Unnamed: 0,ID,Status,Supply Chain Segment,Company,NAATBatt Member,Facility Name,Product Type,Product,Facility or Company Website,Facility Address,...,HQ Company,HQ Website,HQ City,HQ State or Province,HQ Country,QC,QC Date,Sources,Notes,file
0,5000,C,Downstream,3M,No,3M Guin,Non-cell Components,Thermal Systems,3m.com,6675 US Highway 43,...,3M,3m.com,Saint Paul,MN,US,EW,2021-08-09 00:00:00,3m.com,Thermal Pads & Fillers,ModPack
1,5001,C,Downstream,3M,No,3M Cottage Grove,Non-cell Components,Thermal Systems,3m.com,10746 Innovation Road,...,3M,3m.com,Saint Paul,MN,US,EW,2021-08-09 00:00:00,3m.com,Thermal Pads & Fillers,ModPack
2,5002,C,Downstream,3M,No,3M Springfield,Non-cell Components,Safety Systems,3m.com,3211 E Chestnut Expressway,...,3M,3m.com,Saint Paul,MN,US,EW,2021-08-09 00:00:00,3m.com,Rapid thermal suppression,ModPack
3,5003,C,Downstream,AA Portable Power Corp.,No,AA Portable Power Corp.,Cell Assemblies/ Groupings,Packs,aaportablepower.com,825 South 19th Street,...,AA Portable Power Corp.,batteryspace.com,Richmond,CA,US,EW,2021-08-09 00:00:00,Thomasnet: Battery Packs / manufacturers; batt...,"Mostly a battery distributor, but has producti...",ModPack
4,5004,C,Downstream,"ADA Technologies, Inc.",No,"ADA Technologies, Inc.",Non-cell Components,Thermal Systems,adatech.com,11149 Bradford Road,...,"ADA Technolgies, Inc.",adatech.com,Littleton,CO,US,VP,2022-08-01 00:00:00,adatech.com; Questionnaire; https://www.buzzfi...,Thermal Interface Materials;,ModPack


In [5]:
companies_search = excel[['Company', 'Product', 'Product Type', 'file']]

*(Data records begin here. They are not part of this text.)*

(* Let $\mathcal{C}$ be a triangulated category and let $d=\infty$ or $d$ an odd positive integer. Suppose that to every object $X$ of $\mathcal{C}$ is assigned an element $\rho(X)\in\mathbb{R}(d)$ such that: (a) $\rho(\Sigma X)=q\rho(X)$ for all $X$; (b) $\rho(X\oplus Y)=\rho(X)+\rho(Y)$ for all $X,Y$; (c) for every exact triangle $X\to Y\to Z\rightsquigarrow$ there is $\phi\in\mathbb{R}_{\geq0}(d)$ with $\rho(X)-\rho(Y)+\rho(Z)=(q+1)\phi$. Then for every morphism $f:X\to Y$ the formula $$\rho(f):=\frac{\rho(Y)-\rho(\operatorname{cone}(f))+q\rho(X)}{q+1}$$ (a well-defined quotient in $\mathbb{R}(d)$) determines a $d$-periodic rank function on $\mathcal{C}$. If in addition all $\rho(X)$ lie in $\mathbb{Z}(d)$ and the elements $\phi$ in (c) lie in $\mathbb{Z}(d)$, then the resulting rank function is integral.
   Context: $\mathbb{R}(d)=\mathbb{R}[q,q^{-1}]$ if $d=\infty$ and $\mathbb{R}[q]/(q^d-1)$ if $d<\infty$; $\mathbb{Z}(d)$ is defined likewise with integer coefficients; $\mathbb{R}_{\geq0}(d)$ is the set of elements represented by (Laurent) polynomials with nonnegative coefficients; $\phi\geq\psi$ means $\phi-\psi\in\mathbb{R}_{\geq0}(d)$. A $d$-periodic rank function on $\mathcal{C}$ (translation $\Sigma$) assigns to each morphism $f$ an element $\rho(f)\in\mathbb{R}_{\geq0}(d)$ such that: $\rho(\Sigma f)=q\rho(f)$; $\rho(f\oplus g)=\rho(f)+\rho(g)$; $\rho(f)+\rho(g)=\rho(\mathrm{id}_Y)$ for each exact triangle $X\xrightarrow{f}Y\xrightarrow{g}Z\rightsquigarrow$; $\rho\begin{pmatrix} f&h\\0&g\end{pmatrix}\geq\rho(f)+\rho(g)$ for $f:X\to Y$, $g:Z\to W$, $h:Z\to Y$; and $\rho(gf)\leq\rho(f)$, $\rho(gf)\leq\rho(g)$ whenever $gf$ is defined. It is integral if all values lie in $\mathbb{Z}_{\geq0}(d)$. *)

From HB Require Import structures.
From mathcomp Require Import all_boot all_order all_algebra.
From mathcomp Require Import reals.
Set Implicit Arguments. Unset Strict Implicit. Unset Printing Implicit Defensive.
Import Order.TTheory GRing.Theory Num.Theory.
Local Open Scope ring_scope.

(* Triangulated categories (Stacks Project conventions, Tag 0145).     *)

(* Data: a preadditive category with chosen zero object, chosen binary
   biproducts, a translation functor Sigma and a class of exact triangles. *)
Record TriData := {
  Ob : Type;
  Mor : Ob -> Ob -> zmodType;
  comp : forall X Y Z : Ob, Mor Y Z -> Mor X Y -> Mor X Z;
  idm : forall X : Ob, Mor X X;
  zob : Ob;
  bip : Ob -> Ob -> Ob;
  binl : forall X Y : Ob, Mor X (bip X Y);
  binr : forall X Y : Ob, Mor Y (bip X Y);
  bpl : forall X Y : Ob, Mor (bip X Y) X;
  bpr : forall X Y : Ob, Mor (bip X Y) Y;
  Sob : Ob -> Ob;
  Shom : forall X Y : Ob, Mor X Y -> Mor (Sob X) (Sob Y);
  tri : forall X Y Z : Ob, Mor X Y -> Mor Y Z -> Mor Z (Sob X) -> Prop
}.

Arguments comp {_ _ _ _}.
Arguments idm {_}.
Arguments zob {_}.
Arguments bip {_}.
Arguments binl {_ _ _}.
Arguments binr {_ _ _}.
Arguments bpl {_ _ _}.
Arguments bpr {_ _ _}.
Arguments Sob {_}.
Arguments Shom {_ _ _}.
Arguments tri {_ _ _ _}.

Section TriCat.
Variable C : TriData.
Local Notation Ob := (Ob C).
Local Notation Mor := (@Mor C).

Definition is_iso (X Y : Ob) (u : Mor X Y) : Prop :=
  exists v : Mor Y X, comp v u = idm X /\ comp u v = idm Y.

Definition tri_iso (X Y Z X' Y' Z' : Ob)
  (f : Mor X Y) (g : Mor Y Z) (h : Mor Z (Sob X))
  (f' : Mor X' Y') (g' : Mor Y' Z') (h' : Mor Z' (Sob X'))
  (a : Mor X X') (b : Mor Y Y') (c : Mor Z Z') : Prop :=
  [/\ is_iso a, is_iso b & is_iso c] /\
  [/\ comp b f = comp f' a, comp c g = comp g' b &
      comp (Shom a) h = comp h' c].

Record is_triangulated : Prop := {
  comp_assoc : forall X Y Z W (f : Mor X Y) (g : Mor Y Z) (h : Mor Z W),
      comp h (comp g f) = comp (comp h g) f;
  comp_idl : forall X Y (f : Mor X Y), comp (idm Y) f = f;
  comp_idr : forall X Y (f : Mor X Y), comp f (idm X) = f;
  comp_addl : forall X Y Z (f : Mor X Y) (g g' : Mor Y Z),
      comp (g + g') f = comp g f + comp g' f;
  comp_addr : forall X Y Z (f f' : Mor X Y) (g : Mor Y Z),
      comp g (f + f') = comp g f + comp g f';
  zob_zero : idm (@zob C) = 0;
  bip_ll : forall X Y : Ob, comp (@bpl C X Y) binl = idm X;
  bip_rr : forall X Y : Ob, comp (@bpr C X Y) binr = idm Y;
  bip_lr : forall X Y : Ob, comp (@bpl C X Y) binr = 0;
  bip_rl : forall X Y : Ob, comp (@bpr C X Y) binl = 0;
  bip_id : forall X Y : Ob, comp binl bpl + comp binr bpr = idm (bip X Y);
  Shom_id : forall X : Ob, Shom (idm X) = idm (Sob X);
  Shom_comp : forall X Y Z (f : Mor X Y) (g : Mor Y Z),
      Shom (comp g f) = comp (Shom g) (Shom f);
  Shom_add : forall X Y (f g : Mor X Y), Shom (f + g) = Shom f + Shom g;
  Shom_bij : forall X Y : Ob, bijective (@Shom C X Y);
  Sob_esurj : forall Y : Ob, exists X (u : Mor (Sob X) Y), is_iso u;
  TR1_iso : forall X Y Z X' Y' Z' (f : Mor X Y) (g : Mor Y Z) (h : Mor Z (Sob X))
      (f' : Mor X' Y') (g' : Mor Y' Z') (h' : Mor Z' (Sob X')) a b c,
      tri_iso f g h f' g' h' a b c -> tri f g h -> tri f' g' h';
  TR1_id : forall X : Ob, tri (idm X) (0 : Mor X (@zob C)) (0 : Mor (@zob C) (Sob X));
  TR1_ext : forall X Y (f : Mor X Y), exists Z (g : Mor Y Z) (h : Mor Z (Sob X)),
      tri f g h;
  TR2 : forall X Y Z (f : Mor X Y) (g : Mor Y Z) (h : Mor Z (Sob X)),
      tri f g h <-> tri g h (- Shom f);
  TR3 : forall X Y Z X' Y' Z' (f : Mor X Y) (g : Mor Y Z) (h : Mor Z (Sob X))
      (f' : Mor X' Y') (g' : Mor Y' Z') (h' : Mor Z' (Sob X'))
      (u : Mor X X') (v : Mor Y Y'),
      tri f g h -> tri f' g' h' -> comp v f = comp f' u ->
      exists w : Mor Z Z', comp w g = comp g' v /\ comp (Shom u) h = comp h' w;
  TR4 : forall X Y Z Z' X' Y' (f : Mor X Y) (g : Mor Y Z)
      (f' : Mor Y Z') (f'' : Mor Z' (Sob X))
      (h' : Mor Z Y') (h'' : Mor Y' (Sob X))
      (g' : Mor Z X') (g'' : Mor X' (Sob Y)),
      tri f f' f'' -> tri (comp g f) h' h'' -> tri g g' g'' ->
      exists (a : Mor Z' Y') (b : Mor Y' X'),
        [/\ tri a b (comp (Shom f') g''),
            comp a f' = comp h' g,
            comp h'' a = f'',
            comp b h' = g' &
            comp g'' b = comp (Shom f) h'']
}.

Definition dsum (X Y X' Y' : Ob) (f : Mor X Y) (g : Mor X' Y') :
    Mor (bip X X') (bip Y Y') :=
  comp binl (comp f bpl) + comp binr (comp g bpr).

#removing noise from the company names
companies_search.Company = companies_search.Company.apply(lambda x: x.replace(" Inc",""))
#if we would not enforce ALLCAPS for 3M, hits for other subjects would return - for e.g. 3m as an abbreviation for 3 million 
companies_search.Company = companies_search.Company.apply(lambda x: x.replace("3M", "ALLCAPS(3M)"))
companies_search.Company = companies_search.Company.apply(lambda x: x.replace(" Inc ",""))
companies_search.Company = companies_search.Company.apply(lambda x: x.replace(".",""))
companies_search.Company = companies_search.Company.apply(lambda x: x.replace(",",""))
companies_search.Company = companies_search.Company.apply(lambda x: x.replace(" Corp",""))
companies_search.Company = companies_search.Company.apply(lambda x: x.replace(" Company",""))
companies_search.Company = companies_search.Company.apply(lambda x: x.replace(" LLC",""))
companies_search.Company = companies_search.Company.apply(lambda x: x.replace(" Ltd",""))
#stand for Joint Venture of Ford and SK On - the name of the joint venture is enough to use in the query
companies_search.Company = companies_search.Company.apply(lambda x: x.replace(" (JV of Ford and SK On)",""))
companies_search.Company = companies_search.Company.apply(lambda x: x.replace(" Co",""))
companies_search.Company = companies_search.Company.apply(lambda x: x.replace(" JV",""))
companies_search.Company = companies_search.Company.apply(lambda x: x.replace(" SDI",""))
companies_search.Company = companies_search.Company.apply(lambda x: x.replace("-",'" AND "'))
#removing empty spaces from the beginning and the end of the names
companies_search.Company = companies_search.Company.apply(lambda x: x.rstrip(' '))
companies_search.Company = companies_search.Company.apply(lambda x: x.lstrip(' '))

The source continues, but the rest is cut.